Some while ago, I started an experiment of putting some Mathematical notes up on GitHub. I'm publishing the LaTeX sources, and using LaTex.Online to compile the LaTeX source to PDF for online viewing. This was motivated by:

• I rather enjoy writing research-level expositions.
• I quite often come across things in my research which I want to understand closely, and for which writing out somewhat formal notes is not a massive misuse of time.
• However, the result is not actual research, and probably wouldn't even be suitable for the arXiv.
• Furthermore, one can imagine wanting to add to these notes as time goes on, and arXiv is not designed for this (indeed, my feeling is that this is discouraged, though with a quick search I could not find evidence to substantiate this). Of course, GitHub very much is (and, in a dream world, maybe other people could submit "issues", and pull requests, etc.)

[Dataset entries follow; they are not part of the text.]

Lemma high_high_other_nbr_min w : r d <= r w.
Proof.
have lt_b y : y != x -> y != a -> y != b -> r y < r b.
  by move=> yx ya yb; have := other_vertex_middle yx ya yb; move: xb3; lra.
have bd : b != d.
  by apply/eqP => e; apply: (triangle_free G xa (_ : adj a b) (adj_sym xb)); rewrite e.
have [ax bx] : a != x /\ b != x by rewrite !(eq_sym _ x) (adj_neq xa) (adj_neq xb).
have ad_low : r a + r d < t2.
  case: (adj_windows ad) => [[_ //]|top].
  by case: (top_edge_at_max ad top) => /eqP; rewrite ?(negbTE ax) ?(negbTE dx).
have a_non_nbr y : a != y -> ~~ adj a y -> t2 <= r a + r y.
  move=> ay nay; have [u yu ux] := exists_nbr_neq y x.
  have ua : u != a by apply: contraNneq nay => <-; apply: adj_sym.
  have u_le : r u <= r a.
    have [->|ub] := eqVneq u b; first by [].
    by have := lt_b u ux ua ub; move: ba_le; lra.
  by case: (non_adj_middle ay nay yu u_le).
have d_lt_b : r d < r b by have := a_non_nbr b ab (not_adj_of_nbrs nbrs_a bx bd); lra.
have [->|wd] := eqVneq w d; first by [].
have [->|wa] := eqVneq w a; first by move: ba_le; lra.
have [->|wx] := eqVneq w x; first by have := x_max b; lra.
have aw : a != w by rewrite eq_sym.
by have := a_non_nbr w aw (not_adj_of_nbrs nbrs_a wx wd); lra.
Qed.

End HighHigh.

Lemma high_high_absurd : t3 <= r x + r b -> r b <= r a -> False.
Proof.
move=> xb3 ba_le; have [d [dx ad nbrs_a]] := other_nbr (adj_sym xa).
have d_min := high_high_other_nbr_min xb3 ba_le dx ad nbrs_a.
have nxd : ~~ adj x d.
  apply: (not_adj_of_nbrs nbrs_x); first by rewrite eq_sym (adj_neq ad).
  by apply/eqP => e; apply: (triangle_free G xa (_ : adj a b) (adj_sym xb)); rewrite -e.
have [e [ea de nbrs_d]] := other_nbr (adj_sym ad).
have ex : e != x by apply: contraNneq nxd => <-; apply: adj_sym.
have [be|be] := eqVneq b e.
  apply: (square_free G (_ : x != d) ab xa ad _ (adj_sym xb)); last by rewrite be.
  by rewrite eq_sym.
have db : d != b by apply: contraNneq nxd => ->.
have bx : b != x by rewrite eq_sym (adj_neq xb).
have [ba eb] : b != a /\ e != b by split; rewrite eq_sym.
have := non_nbr_of_min_low d_min db bx (not_adj_of_nbrs nbrs_d ba be).
by have := other_vertex_middle ex ea eb; have := adj_sum_ge de; lra.
Qed.

End ThreeThresholds.

Lemma no_three_threshold_rep (v0 : V) (r : V -> R) (t1 t2 t3 : R) :
  t1 < t2 -> t2 < t3 ->
  (forall u v, u != v ->
     adj u v = (t1 <= r u + r v) && (r u + r v < t2) || (t3 <= r u + r v)) -> False.
Proof.
move=> t12 t23 rep; have [x _ x_max'] := @arg_maxP _ _ V v0 xpredT r isT.
have x_max y : r y <= r x := x_max' y isT.
have [a [b [ab xa xb nbrs_x]]] := two_nbrs G x.
have ba : b != a by rewrite eq_sym.
have nbrs_x' w : adj x w -> w = b \/ w = a by case/nbrs_x; [right | left].
case: (adj_windows rep xa) => [[_ xa2]|xa3];
  case: (adj_windows rep xb) => [[_ xb2]|xb3].
- apply: (no_two_threshold_rep x (t1 := t1) (t2 := t2)) => u v uv.
  have uv3 : r u + r v < t3 by apply: (sums_lt_t3 t12 t23 rep x_max nbrs_x) => //; lra.
  by rewrite rep // [t3 <= _]leNgt uv3 orbF.
- exact: (high_low_absurd t12 t23 rep x_max ba xb xa nbrs_x' xb3 xa2).
- exact: (high_low_absurd t12 t23 rep x_max ab xa xb nbrs_x xa3 xb2).
- have [ba_le|ab_lt] := lerP (r b) (r a).
    exact: (high_high_absurd t12 t23 rep x_max ab xa xb nbrs_x xb3 ba_le).
  exact: (high_high_absurd t12 t23 rep x_max ba xb xa nbrs_x' xa3 (ltW ab_lt)).
Qed.

End Girth5.

Lemma girth5_not_threshold2 (V : finType) (adj : rel V) (v0 : V) :
  two_regular_girth5 adj -> ~ is_k_threshold adj 2.
Proof.
move=> G [t [t_incr [r rep]]].
apply: (no_two_threshold_rep G v0 (r := r) (t1 := t 0%N) (t2 := t 1%N)) => u v uv.
by rewrite rep // threshold_parity2 //; apply: t_incr.
Qed.

Lemma girth5_not_threshold3 (V : finType) (adj : rel V) (v0 : V) :
  two_regular_girth5 adj -> ~ is_k_threshold adj 3.
Proof.
move=> G [t [t_incr [r rep]]].
have t01 : t 0%N < t 1%N by apply: t_incr.
have t12 : t 1%N < t 2%N by apply: t_incr.
apply: (no_three_threshold_rep G v0 t01 t12) => u v uv.
by rewrite rep // threshold_parity3.
Qed.

Local Close Scope ring_scope.

Lemma cycle_adjE n (i j : 'I_n) : cycle_adj i j =
  (i != j :> nat) && [|| j == i.+1 :> nat, i == j.+1 :> nat,
     (i == n.-1 :> nat) && (j == 0 :> nat) | (j == n.-1 :> nat) && (i == 0 :> nat)].
Proof.
rewrite /cycle_adj -val_eqE /=.
have mS k : (k < n) -> (k.+1 %% n = if k.+1 == n then 0 else k.+1).
  by move=> k_lt; case: eqP => [->|?]; [exact: modnn | apply: modn_small; lia].
have [ilt jlt] := (ltn_ord i, ltn_ord j).
by rewrite !mS //; case: ifP => ?; case: ifP => ?; lia.
Qed.

Lemma val_iter_ordS n (u : 'I_n) k : iter k (@ordS n) u = (u + k) %% n :> nat.
Proof.
elim: k => [|k IH]; first by rewrite addn0 modn_small.
by rewrite iterS /= IH -addn1 modnDml -addnA addn1.
Qed.

Lemma iter_ordS_neq n (u : 'I_n) k : 0 < k < n -> iter k (@ordS n) u != u.
Proof.
case/andP=> k_gt0 k_lt; rewrite -val_eqE /= val_iter_ordS.
rewrite -[X in _ != X](modn_small (ltn_ord u)) -[X in _ != X %% n]addn0.
by rewrite eqn_modDl mod0n modn_small // -lt0n.
Qed.

Lemma cycle_adj_nbrs n (u v : 'I_n) : 3 <= n ->
  cycle_adj u v = (v == ordS u) || (v == ord_pred u).
Proof.
move=> n3; have ordSE (i j : 'I_n) : (j == i.+1 %% n :> nat) = (j == ordS i) by [].
rewrite /cycle_adj !ordSE -[u in u == ordS v](ord_predK u) (inj_eq (@ordS_inj n)).
have S_neq (i : 'I_n) : ordS i != i by apply: (@iter_ordS_neq n i 1); lia.
rewrite (eq_sym (ord_pred u)); have [->|_] := eqVneq v (ordS u).
  by rewrite eq_sym S_neq.
have [->|_] := eqVneq v (ord_pred u); last by rewrite andbF.
by rewrite -{1}(ord_predK u) S_neq.
Qed.

Lemma cycle_adj_ordS_pred n (u : 'I_n) : 4 <= n -> ~~ cycle_adj (ordS u) (ord_pred u).
Proof.
move=> n4; rewrite cycle_adj_nbrs ?ordSK; last by lia.
rewrite -[ord_pred u == _](inj_eq (@ordS_inj n)) -[ord_pred u == u](inj_eq (@ordS_inj n)).
have S3 : ordS (ordS (ordS u)) != u by apply: (@iter_ordS_neq n u 3); lia.
have S1 : ordS u != u by apply: (@iter_ordS_neq n u 1); lia.
by rewrite ord_predK !(eq_sym u) negb_or S3 S1.
Qed.

Lemma cycle_girth5 n : 5 <= n -> two_regular_girth5 (@cycle_adj n).
Proof.
move=> n5; have n3 : 3 <= n by lia.
have sym : symmetric (@cycle_adj n) by move=> i j; rewrite /cycle_adj eq_sym orbC.
have irr : irreflexive (@cycle_adj n) by move=> i; rewrite /cycle_adj eqxx.
have nbrs (u v : 'I_n) : cycle_adj u v -> v = ordS u \/ v = ord_pred u.
  by rewrite cycle_adj_nbrs // => /orP[]/eqP; [left | right].
split=> //.
- move=> u; exists (ordS u), (ord_pred u); split=> //.
  + apply/eqP => /(congr1 (@ordS n)); rewrite ord_predK; apply/eqP.
    by apply: (@iter_ordS_neq n u 2); lia.
  + by rewrite cycle_adj_nbrs // eqxx.
  + by rewrite cycle_adj_nbrs // eqxx orbT.
  + exact: nbrs.
- move=> a b c ab bc ca.
  have Sa_Pa : ~~ cycle_adj (ordS a) (ord_pred a) by apply: cycle_adj_ordS_pred; lia.
  move: bc; case: (nbrs _ _ ab) (nbrs _ _ (etrans (sym _ _) ca)) => -> [] ->;
    by rewrite ?irr // ?(negbTE Sa_Pa) // sym (negbTE Sa_Pa).
- move=> a b c d ac bd ab bc cd da.
  have iterS_neq k : 0 < k < 5 -> iter k (@ordS n) a != a.
    by move=> k_bounds; apply: iter_ordS_neq; lia.
  have common_nbr : cycle_adj (ordS a) c -> cycle_adj (ord_pred a) c -> False.
    case/nbrs => [->|ec]; last by rewrite ec ordSK eqxx in ac.
    case/nbrs => [|/(congr1 (@ordS n))/(congr1 (@ordS n))]; rewrite !ord_predK.
      by move/eqP; rewrite (negbTE (iterS_neq 2 isT)).
    by move/eqP; rewrite (negbTE (iterS_neq 4 isT)).
  have [ad dc] : cycle_adj a d /\ cycle_adj d c by split; rewrite sym.
  by case: (nbrs _ _ ab) (nbrs _ _ ad) bd bc dc => -> [] ->;
    rewrite ?eqxx // => _ ? ?; apply: common_nbr.
Qed.

Lemma cycle_not_threshold1 n : 4 <= n -> ~ is_k_threshold (@cycle_adj n) 1.
Proof.
move=> n4; have lt k : k < 4 -> k < n by move=> ?; lia.
pose v k (k4 : k < 4) : 'I_n := Ordinal (lt k k4).
apply: (@not_threshold1_of_2K2 _ _ (v 0 isT) (v 1 isT) (v 2 isT) (v 3 isT));
  rewrite -?val_eqE ?cycle_adjE /=; lia.
Qed.

Local Open Scope ring_scope.

Lemma cycle3_threshold1 : is_k_threshold (@cycle_adj 3) 1.
Proof.
exists (fun _ => 0); split; first by move=> i j /= ij j1; lia.
exists (fun _ => 1) => u v uv; rewrite (@threshold_parity1 (fun _ => 0)) cycle_adjE.
have -> : (0 <= 1 + 1 :> R) by lra.
by move: u v uv => [[|[|[|u]]] ?] [[|[|[|v]]] ?].
Qed.

Lemma cycle4_threshold2 : is_k_threshold (@cycle_adj 4) 2.
Proof.
have incr : strictly_increasing 2 (fun i => i.+1%:R : R).
  by move=> i j ij _; rewrite ltr_nat.
exists (fun i => i.+1%:R); split => //.
exists (fun i : 'I_4 => (odd i)%:R) => u v uv.
rewrite (@threshold_parity2 (fun i => i.+1%:R)) ?incr // -natrD ler_nat ltr_nat cycle_adjE.
by move: u v uv => [[|[|[|[|u]]]] ?] [[|[|[|[|v]]]] ?].
Qed.

(* Weights for the cycle on 0, ..., n: consecutive vertices i, i+1 have sum
   -2 or 2 (-1 or 3 when i+1 = n), inside the window [-2, 4) that all other
   pairs miss; the closing edge {0, n} has sum cycle_weight n n, which gets a
   window of width 1 of its own, below or above everything else. *)
Definition cycle_weight (n i : nat) : int :=
  (if odd i then - (2 * i)%:Z else (2 * i)%:Z) + (if i == n then 1 else 0).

For now, there is just one file, some notes about the Fell Topology (on the space of representations of a $$C^*$$-algebra or locally compact group).

[I found LaTeX.online to be a very nice service; but it doesn't seem to like spaces in URLs.]

## Visualising primes

Visiting a high school with my son, in the Maths classroom there was a poster on the wall, which visualised primes numbers. I only half remember what it said (taking a photo might have been a little bit weird, in the circumstances) but I think the little write-up at the bottom said that the calculations had been performed in Python, using trial division, and had taken half an hour. This immediately made me think of a prime sieve, so later I had a play with a sieve I had written in Python 3. I now think I must be misremembering, as I cannot see how even trial division could take half an hour in Python (even some years ago).

## Multiplicative Domains

Reading Ng, Viselter, Amenability of locally compact quantum groups and their unitary co-representations Arxiv I was reminded by a result/technique that I often forget: that of the multiplicative domain of a completely positive map. The following result is due to M.D. Choi (though I like the presentation in Paulsen's book).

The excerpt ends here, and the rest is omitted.